There has been an increasing support for the other side of the debate that argues for recognition of betting as a legal activity. It is argued that criminalising betting does not prevent its happening; it merely drives the activity underground where it continues to thrive. Add to it the substantial revenues that government would be able to obtain therefrom. In fact, the Report of the Supreme Court Committee on Reforms in Cricket, also called the Lodha Committee Report, submitted that given the worldwide legal sports betting market which is worth over $400 billion, it will be in the best interest of the economy if betting is given legal recognition.

POSITION IN THE USA AND THE UK: GROWING ACCEPTANCE OF THE UK-BASED MODEL

In the USA, federal law has taken a tough stand against betting and gambling. The 1992 Professional and Amateur Sports Protection Act (PASPA) makes it unlawful for a person to sponsor, operate, advertise, or promote betting, gambling, or wagering scheme based, directly or indirectly, on one or more competitive games in which amateur or professional athletes participate. The provision prima facie makes no distinction between betting and gambling, and it is, therefore, irrelevant for the purpose of establishing an offence under this provision whether the activity in question involves skill or not.

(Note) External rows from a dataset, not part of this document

Lemma nsq_proj_span_le_head f : nsq (proj f) <=
  2 * K * (\sum_(j < N) csq (ip f (x j))) + 2 * K * N%:R * nsq (f - proj f).
Proof.
pose dv : 'cV[R[i]]_N := \col_i conjc (ip f (v i)).
have head : nsq (proj f) <= K * \sum_(j < N) csq (ip (proj f) (x j)).
  have -> : \sum_(j < N) csq (ip (proj f) (x j)) = mxnsq (gram x *m dv).
    apply: eq_bigr => j _.
    by rewrite big_ord1 proj_span_vec_of_col -ip_vec_of_col (ipC Hip) csqJ.
  by rewrite proj_span_vec_of_col nsq_vec_of_col; apply: mxnsq_le_unit_mulmx.
have cross (j : 'I_N) :
    csq (ip (proj f) (x j)) <= 2 * csq (ip f (x j)) + 2 * csq (ip (f - proj f) (x j)).
  have -> : ip (proj f) (x j) = ip f (x j) + - ip (f - proj f) (x j).
    by rewrite (ipBl Hip) opprB addrC subrK.
  by rewrite -(csqN (ip (f - _) _)) csqD_le.
have cross_sum : \sum_(j < N) csq (ip (proj f) (x j)) <=
    2 * \sum_(j < N) csq (ip f (x j)) + 2 * \sum_(j < N) csq (ip (f - proj f) (x j)).
  by apply: le_trans (ler_sum _ (fun j _ => cross j)) _; rewrite big_split /= -!mulr_sumr.
apply: le_trans head _; apply: le_trans (ler_wpM2l K_ge0 cross_sum) _.
have := ler_wpM2l K_ge0 (head_series_le (f - proj f)); lra.
Qed.

Lemma BN_frame_upper f :
  (\sum_(0 <= j <oo) (csq (ip f (BN v x N j)))%:E <= ((N%:R + 1) * nsq f)%:E)%E.
Proof.
rewrite series_BN mulrDl mul1r EFinD.
by apply: leeD; [rewrite lee_fin head_series_le | exact: tail_series_le].
Qed.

On the other hand, one may refer to the position in the UK, where there has been a well-developed betting market with appropriate measures to ensure that the system is not abused. The governing organisation in this regard is the UK Gambling Commission, initially set up under the 1960 Betting and Gaming Act which works in partnership with all the sporting bodies which, in turn, frame their own bye-laws to regulate betting.[1] Apart from licensing requirements, the framework provides for an information-sharing system, whereby bookies are required to report any suspicious betting activity within their knowledge to the Gambling Commission.[2] The example of the UK shows how through appropriate safeguards and implementation policy that involves various stakeholders such as the sports bodies and the booking companies, sports betting could be effectively regulated, bringing, at the same time, significant economic advantage. It does not come as a surprise that a majority of Americans have advocated for a UK-based model.

Recently, the Supreme Court of the United States began dealing with the issue in the case of Christie v. National Collegiate Athletic Association. The State of New Jersey seeks to get the PASPA annulled, which, in turn, would facilitate state-sponsored sports betting. It is being submitted that the federal government through the aforesaid statute is violating the anti-commandeering principle of the Tenth Amendment, according to which states cannot be mandated to carry federal acts into effect. The outcome of the case would certainly have an impact on the debate, one way or the other.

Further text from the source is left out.